The parameter a plays a significant role in the accuracy and stability of the proposed method. Numerical results in Table 3, Table 5 and Table 7 show that moderate positive values of a (such as $a=1,2,3$) yield the best accuracy, while negative values or excessively large values of a lead to a noticeable deterioration in the numerical results. In particular, for large values of a, the method may become unstable due to the ill-conditioning of the resulting algebraic system. Therefore, moderate values of a are recommended in practical computations to achieve a balance between stability and accuracy.

7. Concluding Remarks

In this article, a collocation-based spectral strategy was analyzed for the numerical treatment of a time-fractional gas dynamics equation governed by the Caputo fractional derivative.
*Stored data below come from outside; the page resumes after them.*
Lemma top_run_le_size l : top_run l <= size l.
Proof. by elim: l => // x [|y l] IH; rewrite ?top_run1 ?top_run2 //; case: ifP. Qed.

Lemma top_run_incr l t : sorted gtn l -> 0 < t <= top_run l -> top_run (incr_top t l) = t.
Proof.
elim: l t => [|x [|y l] IH] t; first by rewrite top_run0; lia.
  by case: t => [|[|t]].
move=> /= /andP[xy Hs]; case: t => [|[|t]] //.
  by move=> _; rewrite incr_topS incr_top0 top_run2 eqSS (gtn_eqF xy).
rewrite top_run2; case: ifP => // /eqP Exy Ht.
by rewrite !incr_topS top_run2 -incr_topS IH // Exy eqxx.
Qed.

Lemma top_run_take l m : top_run (take m l) = minn m (top_run l).
Proof.
elim: l m => [|x [|y l] IH] [|m] //; rewrite ?take0 ?top_run0 ?minn0 ?min0n //.
case: m => [|m]; first by rewrite /= top_run1; have := @top_run_gt0 (x :: y :: l) isT; lia.
rewrite /= !top_run2 -/(take m.+1 (y :: l)).
by have := IH m.+1; rewrite /= => ->; case: ifP => _; lia.
Qed.

Lemma top_run_cat l1 l2 : top_run l1 <= top_run (l1 ++ l2).
Proof.
elim: l1 => [|x [|y l] IH]; first by rewrite top_run0.
  by rewrite top_run1 top_run_gt0.
by rewrite /= !top_run2; case: ifP.
Qed.

Lemma top_run_decr l t : all (leq 1) l -> t <= top_run l -> t <= top_run (decr_top t l).
Proof.
elim: l t => [|x [|y l] IH] [|[|t]] //;
  rewrite ?top_run0 ?top_run1 ?decr_topS ?decr_top0 ?top_run_gt0 //.
rewrite top_run2; case: ifP => // /eqP Exy /= /andP[px /andP[py Hl]] Ht.
rewrite top_run2 Exy /= (prednK py) eqxx ltnS.
by have := IH t.+1; rewrite decr_topS; apply => //=; rewrite py.
Qed.

Lemma size_incr_top l t : size (incr_top t l) = size l.
Proof. by rewrite /incr_top size_cat size_map -size_cat cat_take_drop. Qed.

Lemma size_decr_top l t : size (decr_top t l) = size l.
Proof. by rewrite /decr_top size_cat size_map -size_cat cat_take_drop. Qed.

Lemma last_nonnil (a b : nat) s : s != [::] -> last a s = last b s.
Proof. by case: s. Qed.

Lemma last_incr_top l t : 0 < size l -> t <= size l ->
  last 0 (incr_top t l) = last 0 l + (t == size l).
Proof.
elim: l t => [|x l IH] [|t] //; first by rewrite incr_top0 addn0.
rewrite incr_topS; case: l IH => [|y l] IH; first by case: t => //= _ _; rewrite addn1.
move=> _ Ht /=; rewrite (@last_nonnil _ 0) ?IH //.
by rewrite -size_eq0 size_incr_top.
Qed.

Lemma last_decr_top l t : 0 < size l -> t <= size l ->
  last 0 (decr_top t l) = last 0 l - (t == size l).
Proof.
elim: l t => [|x l IH] [|t] //; first by rewrite decr_top0 subn0.
rewrite decr_topS; case: l IH => [|y l] IH; first by case: t => //= _ _; rewrite subn1.
move=> _ Ht /=; rewrite (@last_nonnil _ 0) ?IH //.
by rewrite -size_eq0 size_decr_top.
Qed.

Lemma sumn_incr_top l t : t <= size l -> sumn (incr_top t l) = sumn l + t.
Proof.
elim: l t => [|x l IH] [|t] //; rewrite ?incr_top0 ?addn0 // incr_topS /= => Ht.
by rewrite IH //; lia.
Qed.

Lemma sumn_decr_top l t : t <= size l -> all (leq 1) l -> sumn (decr_top t l) + t = sumn l.
Proof.
elim: l t => [|x l IH] [|t] //; rewrite ?decr_top0 ?addn0 // decr_topS /=.
by move=> Ht /andP[px Hl]; have := IH t Ht Hl; lia.
Qed.

Lemma path_incr_top l t x0 : path gtn x0 l -> path gtn x0.+1 (incr_top t l).
Proof.
elim: l t x0 => [|x l IH] [|t] x0 //; rewrite ?incr_top0 ?incr_top_nil //.
  by move=> /= /andP[H1 H2]; rewrite H2 andbT; lia.
by rewrite incr_topS /= => /andP[H1 H2]; rewrite IH // andbT; lia.
Qed.

Lemma sorted_incr_top l t : sorted gtn l -> sorted gtn (incr_top t l).
Proof.
by case: l t => [|x l] [|t]; rewrite ?incr_top0 ?incr_top_nil // incr_topS; apply: path_incr_top.
Qed.

Lemma all_pos_incr_top l t : all (leq 1) l -> all (leq 1) (incr_top t l).
Proof.
elim: l t => [|x l IH] [|t]; rewrite ?incr_top0 ?incr_top_nil // incr_topS /=.
by case/andP=> _ /IH ->.
Qed.

Lemma sorted_decr_top_run l :
  sorted gtn l -> all (leq 1) l -> sorted gtn (decr_top (top_run l) l).
Proof.
elim: l => [|x [|y l] IH] //.
rewrite top_run2 /= => /andP[xy Hs] /andP[px /andP[py Hl]].
case: ifP => [/eqP Exy | /eqP Nxy]; last by rewrite decr_topS decr_top0 /= Hs andbT; lia.
have := IH Hs; rewrite /= py Hl => /(_ isT).
case E: (top_run (y :: l)) (@top_run_gt0 (y :: l) isT) => [|r] // _.
by rewrite !decr_topS /= => ->; rewrite andbT; lia.
Qed.

Lemma incr_topK t : cancel (incr_top t) (decr_top t).
Proof.
move=> l; elim: l t => [|x l IH] [|t]; rewrite ?incr_top0 ?decr_top0 ?incr_top_nil //.
by rewrite incr_topS decr_topS IH.
Qed.

Lemma decr_topK l t : all (leq 1) l -> incr_top t (decr_top t l) = l.
Proof.
elim: l t => [|x l IH] [|t]; rewrite ?decr_top0 ?incr_top0 ?decr_top_nil //.
by rewrite decr_topS incr_topS /= => /andP[px /IH ->]; rewrite prednK.
Qed.

Lemma franklinE l : l != [::] -> franklin l =
  if (last 0 l <= top_run l) && (last 0 l < size l)
  then incr_top (last 0 l) (take (size l).-1 l)
  else if top_run l + (top_run l == size l) < last 0 l
  then rcons (decr_top (top_run l) l) (top_run l)
  else l.
Proof. by case: l. Qed.
Arguments franklin : simpl never.

Lemma sorted_gtn_rcons b s :
  b != [::] -> sorted gtn (rcons b s) = sorted gtn b && (s < last 0 b).
Proof. by case: b => // x b _; rewrite rcons_cons /= rcons_path. Qed.

Lemma path_gtn_all_pos x l : path gtn x l -> all (leq 1) (x :: l) = (0 < last x l).
Proof.
elim: l x => [|y l IH] x /=; first by rewrite andbT.
by move=> /andP[xy /IH <-] /=; have -> : 0 < x by lia.
Qed.

Lemma sorted_gtn_all_pos l : sorted gtn l -> l != [::] -> all (leq 1) l = (0 < last 0 l).
Proof. by case: l => // x l /= /path_gtn_all_pos. Qed.

Lemma franklin_spread_smallest b s : distinct_parts (rcons b s) ->
    s <= top_run (rcons b s) -> s < (size b).+1 ->
  [/\ distinct_parts (incr_top s b), sumn (incr_top s b) = sumn (rcons b s),
      odd (head 0 (incr_top s b)) = ~~ odd (head 0 (rcons b s)) &
      franklin (incr_top s b) = rcons b s].
Proof.
move=> /andP[Hs]; rewrite all_rcons => /andP[s0 Hpb] Hsr Hsk.
have bne : b != [::] by case: b Hsk {Hsr Hs Hpb} => // /= Hsk; lia.
move: Hs; rewrite sorted_gtn_rcons // => /andP[Hsb Hlb].
have Hrb : s <= top_run b.
  by rewrite -(take_size_cat [:: s] (erefl (size b))) cats1 top_run_take; lia.
split.
- by rewrite /distinct_parts sorted_incr_top // all_pos_incr_top.
- by rewrite sumn_incr_top ?sumn_rcons //; lia.
- case: b bne {Hsb Hlb Hrb Hpb Hsk} Hsr => // x b _ _.
  by case: s s0 => // s _; rewrite incr_topS.
have Hm : incr_top s b != [::] by rewrite -size_eq0 size_incr_top size_eq0.
rewrite franklinE // top_run_incr ?s0 // last_incr_top ?size_incr_top; try lia.
have -> : (last 0 b + (s == size b) <= s) = false by lia.
by rewrite /= ltn_add2r Hlb incr_topK.
Qed.

Lemma franklin_peel_run l : distinct_parts l -> l != [::] ->
    ~~ ((last 0 l <= top_run l) && (last 0 l < size l)) ->
    top_run l + (top_run l == size l) < last 0 l ->
  let l' := rcons (decr_top (top_run l) l) (top_run l) in
  [/\ distinct_parts l', sumn l' = sumn l, odd (head 0 l') = ~~ odd (head 0 l) &
      franklin l' = l].
Proof.
move=> /andP[Hs Hp] lne H1 H2 l'.
have r0 : 0 < top_run l := top_run_gt0 lne.
have rk : top_run l <= size l := top_run_le_size l.
have l0 : 0 < size l by rewrite lt0n size_eq0.
have HD : sorted gtn (decr_top (top_run l) l) := sorted_decr_top_run Hs Hp.
have Dne : decr_top (top_run l) l != [::] by rewrite -size_eq0 size_decr_top size_eq0.
have HlD := last_decr_top l0 rk.
have Hl' : sorted gtn l'.
  by rewrite sorted_gtn_rcons // HD HlD /=; move: H2; case: (_ == _) => /=; lia.
have l'ne : l' != [::] by rewrite -size_eq0 size_rcons.
split.
- by rewrite /distinct_parts Hl' sorted_gtn_all_pos // last_rcons.
- by rewrite sumn_rcons sumn_decr_top.
- rewrite /l'; case: l lne {Hs H1 H2 rk l0 HD Dne HlD Hl' l'ne l'} Hp r0 => // x l _.
  move=> /= /andP[px _].
  case: (top_run (x :: l)) => // r _; rewrite decr_topS rcons_cons /=.
  by case: x px => // x _; rewrite /= negbK.
rewrite franklinE // last_rcons size_rcons size_decr_top.
have -> : top_run l <= top_run l'.
  by rewrite /l' -cats1 (leq_trans (top_run_decr Hp (leqnn _))) // top_run_cat.
by rewrite /l' ltnS rk /= -(size_decr_top l (top_run l)) -cats1 take_size_cat // decr_topK.
Qed.

Lemma franklin_moved l : distinct_parts l -> franklin l != l ->
  [/\ distinct_parts (franklin l), sumn (franklin l) = sumn l,
      odd (head 0 (franklin l)) = ~~ odd (head 0 l) & franklin (franklin l) = l].
Proof.
case/lastP: l => [|b s] //.
have ne : rcons b s != [::] by rewrite -size_eq0 size_rcons.
move=> Hd; rewrite [franklin _](franklinE ne) last_rcons size_rcons /=.
rewrite -cats1 take_size_cat // cats1.
case: ifP => [/andP[T1 T2] _ | T1]; first exact: franklin_spread_smallest.
case: ifP => [T2 _ | _]; last by rewrite eqxx.
by apply: franklin_peel_run => //; rewrite last_rcons size_rcons ?T1.
Qed.

Lemma size_consec a k : size (consec a k) = k.
Proof. by elim: k => //= k ->. Qed.

Lemma last_consec a k : 0 < k -> last 0 (consec a k) = a.
Proof.
elim: k => // [[|k]] IH _; first by rewrite /= addn0.
by rewrite [consec a _]/= last_cons (@last_nonnil _ 0) ?IH // -size_eq0 size_consec.
Qed.

Lemma top_run_consec a k : top_run (consec a k) = k.
Proof.
elim: k => [|[|k] IH] //.
by rewrite [consec a _]/= top_run2 -[_ :: consec a k]/(consec a k.+1) IH addnS eqxx.
Qed.

Lemma sumn_consec a k : (sumn (consec a k)).*2 + k = k * (a.*2 + k).
Proof. by elim: k => [|k IH] //=; rewrite doubleD; nia. Qed.

Lemma distinct_parts_consec a k : 0 < a -> distinct_parts (consec a k).
Proof.
move=> a0; apply/andP; split; last by elim: k => //= k ->; rewrite andbT; lia.
have path_consec j : path gtn (a + j) (consec a j) by elim: j => //= j ->; rewrite addnS ltnSn.
by case: k => //= k; apply: path_consec.
Qed.

Lemma top_run_full l : top_run l = size l -> l = consec (last 0 l) (size l).
Proof.
elim: l => [|x [|y l] IH] //; first by rewrite /= addn0.
rewrite top_run2; case: ifP => [/eqP Exy [] /IH | //].
by rewrite /= => -[Ey El]; rewrite addnS -Ey -El Exy.
Qed.

Lemma franklin_consec a k : (a == k) || (a == k.+1) -> franklin (consec a k) = consec a k.
Proof.
case: k => [|k] H //; rewrite franklinE //.
rewrite last_consec // top_run_consec size_consec eqxx.
by move: H => /orP[] /eqP ->; rewrite ifF ?ifF //; lia.
Qed.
A class of generalized Chebyshev polynomials of the second kind was introduced and investigated theoretically to act as the basis functions. The collocation method was utilized to convert the equation, together with its associated conditions, into a system of nonlinear equations, which could be solved successfully using an iterative nonlinear solver. The theoretical analysis confirmed that the proposed approximation possessed strong convergence properties, with explicit bounds that explained the rapid decay of the truncation error. The numerical results presented demonstrate the algorithm’s good performance. In addition, The results show that the parameter a significantly affects performance. While $a=2$ is common, it is not always optimal. Moderate values such as $a=1,2,3$ yield better accuracy and stability, whereas larger values reduce accuracy and worsen conditioning. The extension of the presented technique to other types of fractional derivatives is an interesting topic and will be considered in future work. Also, we aim to apply the Chebyshev family presented in this paper to other important models in the applied sciences.